[Stored data]

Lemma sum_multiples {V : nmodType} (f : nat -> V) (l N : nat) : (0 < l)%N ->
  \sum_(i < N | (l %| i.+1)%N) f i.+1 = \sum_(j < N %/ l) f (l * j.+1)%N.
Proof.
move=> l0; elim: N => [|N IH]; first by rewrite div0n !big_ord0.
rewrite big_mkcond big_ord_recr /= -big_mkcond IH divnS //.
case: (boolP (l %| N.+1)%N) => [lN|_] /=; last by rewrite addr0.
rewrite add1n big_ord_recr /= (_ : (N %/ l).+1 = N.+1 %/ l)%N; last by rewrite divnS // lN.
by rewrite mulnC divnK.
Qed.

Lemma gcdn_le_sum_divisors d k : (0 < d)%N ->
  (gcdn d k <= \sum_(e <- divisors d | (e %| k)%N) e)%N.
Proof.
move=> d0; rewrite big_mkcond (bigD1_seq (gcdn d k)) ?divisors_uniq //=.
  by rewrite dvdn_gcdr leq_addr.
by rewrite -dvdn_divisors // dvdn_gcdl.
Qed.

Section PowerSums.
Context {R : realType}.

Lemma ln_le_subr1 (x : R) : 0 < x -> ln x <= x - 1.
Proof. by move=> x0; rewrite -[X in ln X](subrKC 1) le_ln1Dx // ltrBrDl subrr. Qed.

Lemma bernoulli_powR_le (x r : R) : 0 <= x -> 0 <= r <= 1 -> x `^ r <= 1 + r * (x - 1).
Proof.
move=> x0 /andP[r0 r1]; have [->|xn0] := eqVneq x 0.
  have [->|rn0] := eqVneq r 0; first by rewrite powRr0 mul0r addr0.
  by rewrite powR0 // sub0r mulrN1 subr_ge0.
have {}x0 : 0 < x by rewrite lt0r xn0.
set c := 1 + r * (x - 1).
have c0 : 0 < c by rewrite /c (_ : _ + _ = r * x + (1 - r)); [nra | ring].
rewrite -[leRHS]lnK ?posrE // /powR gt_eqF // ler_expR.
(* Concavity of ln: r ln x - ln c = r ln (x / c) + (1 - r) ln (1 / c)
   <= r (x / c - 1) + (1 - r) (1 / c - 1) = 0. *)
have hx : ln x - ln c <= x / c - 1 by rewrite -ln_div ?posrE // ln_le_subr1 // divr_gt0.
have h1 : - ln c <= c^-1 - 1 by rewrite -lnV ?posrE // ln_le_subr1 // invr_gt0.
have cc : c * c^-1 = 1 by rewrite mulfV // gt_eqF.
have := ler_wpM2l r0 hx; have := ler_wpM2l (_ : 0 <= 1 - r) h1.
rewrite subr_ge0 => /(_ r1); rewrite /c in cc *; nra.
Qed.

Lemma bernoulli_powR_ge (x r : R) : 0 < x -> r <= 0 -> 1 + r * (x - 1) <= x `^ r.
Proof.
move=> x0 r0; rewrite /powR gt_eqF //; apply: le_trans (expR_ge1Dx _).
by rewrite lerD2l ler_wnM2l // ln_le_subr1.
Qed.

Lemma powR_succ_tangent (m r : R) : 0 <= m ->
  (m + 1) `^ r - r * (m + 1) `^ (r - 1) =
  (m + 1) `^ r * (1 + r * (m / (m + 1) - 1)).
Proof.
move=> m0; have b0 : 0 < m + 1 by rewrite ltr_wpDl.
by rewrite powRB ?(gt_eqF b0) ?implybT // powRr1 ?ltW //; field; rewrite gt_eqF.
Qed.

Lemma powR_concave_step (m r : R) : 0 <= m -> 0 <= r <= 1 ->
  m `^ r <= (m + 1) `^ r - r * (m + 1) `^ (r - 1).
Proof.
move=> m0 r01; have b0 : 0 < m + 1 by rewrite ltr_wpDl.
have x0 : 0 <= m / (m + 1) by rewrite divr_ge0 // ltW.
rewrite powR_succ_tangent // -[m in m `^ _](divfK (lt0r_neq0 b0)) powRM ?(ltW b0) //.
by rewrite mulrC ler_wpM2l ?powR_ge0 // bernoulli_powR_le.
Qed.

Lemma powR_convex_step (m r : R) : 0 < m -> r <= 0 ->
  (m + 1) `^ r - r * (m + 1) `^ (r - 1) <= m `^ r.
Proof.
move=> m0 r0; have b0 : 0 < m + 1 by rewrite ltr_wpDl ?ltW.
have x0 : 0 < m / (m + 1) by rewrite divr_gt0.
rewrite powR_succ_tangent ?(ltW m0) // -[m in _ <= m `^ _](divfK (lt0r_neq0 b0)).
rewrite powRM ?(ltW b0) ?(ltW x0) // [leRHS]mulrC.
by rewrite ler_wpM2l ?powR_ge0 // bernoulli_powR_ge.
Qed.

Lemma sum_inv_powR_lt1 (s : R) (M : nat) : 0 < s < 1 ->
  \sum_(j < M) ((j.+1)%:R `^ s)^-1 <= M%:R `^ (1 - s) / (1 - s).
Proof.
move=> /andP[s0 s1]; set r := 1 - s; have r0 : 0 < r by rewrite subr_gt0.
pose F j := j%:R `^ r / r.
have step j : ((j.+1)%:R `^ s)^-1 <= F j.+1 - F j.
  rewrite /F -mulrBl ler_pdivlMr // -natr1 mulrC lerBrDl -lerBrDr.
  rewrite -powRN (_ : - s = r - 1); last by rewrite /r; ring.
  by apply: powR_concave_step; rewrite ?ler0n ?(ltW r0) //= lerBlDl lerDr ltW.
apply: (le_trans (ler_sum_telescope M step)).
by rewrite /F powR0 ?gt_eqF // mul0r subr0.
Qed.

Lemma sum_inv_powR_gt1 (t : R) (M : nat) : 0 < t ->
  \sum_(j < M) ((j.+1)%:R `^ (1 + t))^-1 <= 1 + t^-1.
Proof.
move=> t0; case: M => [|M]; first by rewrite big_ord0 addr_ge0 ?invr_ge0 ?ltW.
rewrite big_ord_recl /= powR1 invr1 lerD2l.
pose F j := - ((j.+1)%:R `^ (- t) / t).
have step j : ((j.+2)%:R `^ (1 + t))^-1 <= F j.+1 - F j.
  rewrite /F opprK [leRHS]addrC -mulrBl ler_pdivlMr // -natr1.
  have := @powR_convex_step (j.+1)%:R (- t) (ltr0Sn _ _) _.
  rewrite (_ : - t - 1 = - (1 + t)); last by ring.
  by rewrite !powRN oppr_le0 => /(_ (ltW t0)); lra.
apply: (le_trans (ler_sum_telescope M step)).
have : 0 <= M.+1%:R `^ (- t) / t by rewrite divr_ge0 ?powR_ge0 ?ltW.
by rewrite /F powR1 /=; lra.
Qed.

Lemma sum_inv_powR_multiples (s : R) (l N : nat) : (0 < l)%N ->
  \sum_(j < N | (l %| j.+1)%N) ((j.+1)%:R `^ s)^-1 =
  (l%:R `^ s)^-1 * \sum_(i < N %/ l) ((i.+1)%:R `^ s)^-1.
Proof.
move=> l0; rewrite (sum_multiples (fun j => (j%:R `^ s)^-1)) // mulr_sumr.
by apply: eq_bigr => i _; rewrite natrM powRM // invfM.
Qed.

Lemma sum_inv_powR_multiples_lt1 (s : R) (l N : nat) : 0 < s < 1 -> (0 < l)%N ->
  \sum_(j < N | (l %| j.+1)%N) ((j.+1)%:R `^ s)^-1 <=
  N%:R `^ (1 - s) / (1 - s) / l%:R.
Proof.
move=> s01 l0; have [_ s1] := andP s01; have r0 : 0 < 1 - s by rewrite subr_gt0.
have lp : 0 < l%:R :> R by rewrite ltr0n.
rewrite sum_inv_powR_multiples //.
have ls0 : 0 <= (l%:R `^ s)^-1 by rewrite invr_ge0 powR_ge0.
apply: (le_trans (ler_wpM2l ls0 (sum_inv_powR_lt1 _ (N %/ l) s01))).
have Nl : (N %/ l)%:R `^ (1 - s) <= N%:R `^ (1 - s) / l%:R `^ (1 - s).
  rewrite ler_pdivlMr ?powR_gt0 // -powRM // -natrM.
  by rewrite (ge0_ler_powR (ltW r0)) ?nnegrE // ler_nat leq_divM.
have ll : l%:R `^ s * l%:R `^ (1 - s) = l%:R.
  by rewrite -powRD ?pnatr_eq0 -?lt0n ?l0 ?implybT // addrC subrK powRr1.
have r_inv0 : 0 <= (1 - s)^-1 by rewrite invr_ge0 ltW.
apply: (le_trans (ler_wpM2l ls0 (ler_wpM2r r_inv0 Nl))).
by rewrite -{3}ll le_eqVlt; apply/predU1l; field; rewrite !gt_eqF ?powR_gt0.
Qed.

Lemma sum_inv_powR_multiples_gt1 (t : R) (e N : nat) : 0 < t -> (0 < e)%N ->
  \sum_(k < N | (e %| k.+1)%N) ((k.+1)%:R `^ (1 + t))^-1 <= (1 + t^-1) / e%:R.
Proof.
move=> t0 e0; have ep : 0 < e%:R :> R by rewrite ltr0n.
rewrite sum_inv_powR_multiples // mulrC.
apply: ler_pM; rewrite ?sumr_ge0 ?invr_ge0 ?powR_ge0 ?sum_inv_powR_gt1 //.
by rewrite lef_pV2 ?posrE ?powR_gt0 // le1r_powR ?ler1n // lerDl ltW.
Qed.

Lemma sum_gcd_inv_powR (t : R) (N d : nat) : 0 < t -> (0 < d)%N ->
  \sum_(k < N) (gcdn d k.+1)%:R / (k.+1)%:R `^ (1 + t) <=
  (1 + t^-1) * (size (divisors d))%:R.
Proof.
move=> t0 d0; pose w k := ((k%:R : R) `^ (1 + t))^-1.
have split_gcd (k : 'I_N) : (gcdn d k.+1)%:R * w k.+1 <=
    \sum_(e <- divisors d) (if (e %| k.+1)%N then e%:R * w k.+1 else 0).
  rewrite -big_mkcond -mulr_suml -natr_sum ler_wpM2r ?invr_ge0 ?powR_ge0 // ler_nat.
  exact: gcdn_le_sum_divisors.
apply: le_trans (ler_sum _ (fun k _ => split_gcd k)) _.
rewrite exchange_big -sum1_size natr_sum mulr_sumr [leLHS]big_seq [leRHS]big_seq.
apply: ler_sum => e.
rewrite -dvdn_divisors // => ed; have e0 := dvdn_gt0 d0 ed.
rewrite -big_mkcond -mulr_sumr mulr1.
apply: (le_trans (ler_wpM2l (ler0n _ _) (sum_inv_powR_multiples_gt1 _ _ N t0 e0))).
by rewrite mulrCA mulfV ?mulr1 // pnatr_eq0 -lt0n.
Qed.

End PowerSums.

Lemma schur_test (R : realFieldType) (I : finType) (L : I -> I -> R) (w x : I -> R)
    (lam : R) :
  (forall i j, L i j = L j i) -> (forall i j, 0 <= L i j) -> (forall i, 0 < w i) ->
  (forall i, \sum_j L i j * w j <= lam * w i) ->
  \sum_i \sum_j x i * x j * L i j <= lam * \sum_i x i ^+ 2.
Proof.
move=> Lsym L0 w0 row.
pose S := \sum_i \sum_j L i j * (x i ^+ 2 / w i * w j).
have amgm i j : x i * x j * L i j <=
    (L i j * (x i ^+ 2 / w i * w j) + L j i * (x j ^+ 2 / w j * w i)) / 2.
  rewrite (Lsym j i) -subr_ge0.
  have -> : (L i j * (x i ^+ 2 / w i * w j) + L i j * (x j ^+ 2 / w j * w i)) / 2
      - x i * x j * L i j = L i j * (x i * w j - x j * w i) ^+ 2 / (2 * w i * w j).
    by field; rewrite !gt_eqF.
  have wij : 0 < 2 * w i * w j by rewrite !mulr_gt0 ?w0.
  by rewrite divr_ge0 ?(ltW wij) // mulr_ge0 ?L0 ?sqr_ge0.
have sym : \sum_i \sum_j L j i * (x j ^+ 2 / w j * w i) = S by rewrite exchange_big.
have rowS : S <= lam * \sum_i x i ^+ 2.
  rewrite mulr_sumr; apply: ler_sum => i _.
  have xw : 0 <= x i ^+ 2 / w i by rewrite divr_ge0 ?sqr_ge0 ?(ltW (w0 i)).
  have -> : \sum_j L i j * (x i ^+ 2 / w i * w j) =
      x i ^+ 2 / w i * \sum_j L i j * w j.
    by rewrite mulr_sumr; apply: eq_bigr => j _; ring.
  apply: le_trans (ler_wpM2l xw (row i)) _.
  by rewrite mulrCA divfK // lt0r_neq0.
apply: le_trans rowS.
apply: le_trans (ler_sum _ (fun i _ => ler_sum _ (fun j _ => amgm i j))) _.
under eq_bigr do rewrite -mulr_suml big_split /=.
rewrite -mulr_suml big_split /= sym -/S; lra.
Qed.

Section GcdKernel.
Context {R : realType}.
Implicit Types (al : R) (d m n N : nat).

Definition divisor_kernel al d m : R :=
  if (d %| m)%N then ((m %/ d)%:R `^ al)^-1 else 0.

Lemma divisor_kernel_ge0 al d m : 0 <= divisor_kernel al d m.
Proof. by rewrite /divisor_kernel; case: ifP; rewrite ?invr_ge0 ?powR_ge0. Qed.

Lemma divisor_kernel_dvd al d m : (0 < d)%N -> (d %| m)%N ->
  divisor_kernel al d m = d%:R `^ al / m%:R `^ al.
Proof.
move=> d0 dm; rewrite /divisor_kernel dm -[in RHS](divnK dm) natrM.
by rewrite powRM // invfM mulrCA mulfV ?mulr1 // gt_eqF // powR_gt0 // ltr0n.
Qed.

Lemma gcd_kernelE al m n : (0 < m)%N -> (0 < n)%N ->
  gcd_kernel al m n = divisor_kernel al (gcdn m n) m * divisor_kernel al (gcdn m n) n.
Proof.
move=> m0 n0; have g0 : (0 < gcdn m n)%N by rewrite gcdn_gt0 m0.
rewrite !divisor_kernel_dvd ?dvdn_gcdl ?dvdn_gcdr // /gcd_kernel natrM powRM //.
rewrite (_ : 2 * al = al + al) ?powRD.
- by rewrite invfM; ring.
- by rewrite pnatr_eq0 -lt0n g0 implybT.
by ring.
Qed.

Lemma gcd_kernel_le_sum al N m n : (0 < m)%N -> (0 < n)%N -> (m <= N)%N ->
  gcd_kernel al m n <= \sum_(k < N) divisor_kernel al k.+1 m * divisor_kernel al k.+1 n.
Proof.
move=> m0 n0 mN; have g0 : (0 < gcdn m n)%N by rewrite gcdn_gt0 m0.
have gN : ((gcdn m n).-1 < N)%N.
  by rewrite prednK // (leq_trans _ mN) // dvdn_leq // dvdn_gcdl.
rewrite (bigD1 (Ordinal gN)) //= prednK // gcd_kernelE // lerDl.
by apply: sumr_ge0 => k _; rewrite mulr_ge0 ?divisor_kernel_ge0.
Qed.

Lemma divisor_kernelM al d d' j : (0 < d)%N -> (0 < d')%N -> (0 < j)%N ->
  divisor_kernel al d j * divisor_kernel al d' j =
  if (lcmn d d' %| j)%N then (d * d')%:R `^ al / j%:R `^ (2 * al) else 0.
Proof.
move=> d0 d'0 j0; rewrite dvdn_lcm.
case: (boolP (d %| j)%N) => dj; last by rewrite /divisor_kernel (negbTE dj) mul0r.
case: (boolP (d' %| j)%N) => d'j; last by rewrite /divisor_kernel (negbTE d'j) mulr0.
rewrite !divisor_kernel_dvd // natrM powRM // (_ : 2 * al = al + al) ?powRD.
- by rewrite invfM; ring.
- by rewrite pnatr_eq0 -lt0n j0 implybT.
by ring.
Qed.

Task to carry out » Starting with the line with "pose S := \sum_i" above and going on through the line with "Lemma gcd_kernel_le_sum al", transcribe every line exactly, both ends included, and add nothing.

Response area »
pose S := \sum_i \sum_j L i j * (x i ^+ 2 / w i * w j).
have amgm i j : x i * x j * L i j <=
    (L i j * (x i ^+ 2 / w i * w j) + L j i * (x j ^+ 2 / w j * w i)) / 2.
  rewrite (Lsym j i) -subr_ge0.
  have -> : (L i j * (x i ^+ 2 / w i * w j) + L i j * (x j ^+ 2 / w j * w i)) / 2
      - x i * x j * L i j = L i j * (x i * w j - x j * w i) ^+ 2 / (2 * w i * w j).
    by field; rewrite !gt_eqF.
  have wij : 0 < 2 * w i * w j by rewrite !mulr_gt0 ?w0.
  by rewrite divr_ge0 ?(ltW wij) // mulr_ge0 ?L0 ?sqr_ge0.
have sym : \sum_i \sum_j L j i * (x j ^+ 2 / w j * w i) = S by rewrite exchange_big.
have rowS : S <= lam * \sum_i x i ^+ 2.
  rewrite mulr_sumr; apply: ler_sum => i _.
  have xw : 0 <= x i ^+ 2 / w i by rewrite divr_ge0 ?sqr_ge0 ?(ltW (w0 i)).
  have -> : \sum_j L i j * (x i ^+ 2 / w i * w j) =
      x i ^+ 2 / w i * \sum_j L i j * w j.
    by rewrite mulr_sumr; apply: eq_bigr => j _; ring.
  apply: le_trans (ler_wpM2l xw (row i)) _.
  by rewrite mulrCA divfK // lt0r_neq0.
apply: le_trans rowS.
apply: le_trans (ler_sum _ (fun i _ => ler_sum _ (fun j _ => amgm i j))) _.
under eq_bigr do rewrite -mulr_suml big_split /=.
rewrite -mulr_suml big_split /= sym -/S; lra.
Qed.

Section GcdKernel.
Context {R : realType}.
Implicit Types (al : R) (d m n N : nat).

Definition divisor_kernel al d m : R :=
  if (d %| m)%N then ((m %/ d)%:R `^ al)^-1 else 0.

Lemma divisor_kernel_ge0 al d m : 0 <= divisor_kernel al d m.
Proof. by rewrite /divisor_kernel; case: ifP; rewrite ?invr_ge0 ?powR_ge0. Qed.

Lemma divisor_kernel_dvd al d m : (0 < d)%N -> (d %| m)%N ->
  divisor_kernel al d m = d%:R `^ al / m%:R `^ al.
Proof.
move=> d0 dm; rewrite /divisor_kernel dm -[in RHS](divnK dm) natrM.
by rewrite powRM // invfM mulrCA mulfV ?mulr1 // gt_eqF // powR_gt0 // ltr0n.
Qed.

Lemma gcd_kernelE al m n : (0 < m)%N -> (0 < n)%N ->
  gcd_kernel al m n = divisor_kernel al (gcdn m n) m * divisor_kernel al (gcdn m n) n.
Proof.
move=> m0 n0; have g0 : (0 < gcdn m n)%N by rewrite gcdn_gt0 m0.
rewrite !divisor_kernel_dvd ?dvdn_gcdl ?dvdn_gcdr // /gcd_kernel natrM powRM //.
rewrite (_ : 2 * al = al + al) ?powRD.
- by rewrite invfM; ring.
- by rewrite pnatr_eq0 -lt0n g0 implybT.
by ring.
Qed.

Lemma gcd_kernel_le_sum al N m n : (0 < m)%N -> (0 < n)%N -> (m <= N)%N ->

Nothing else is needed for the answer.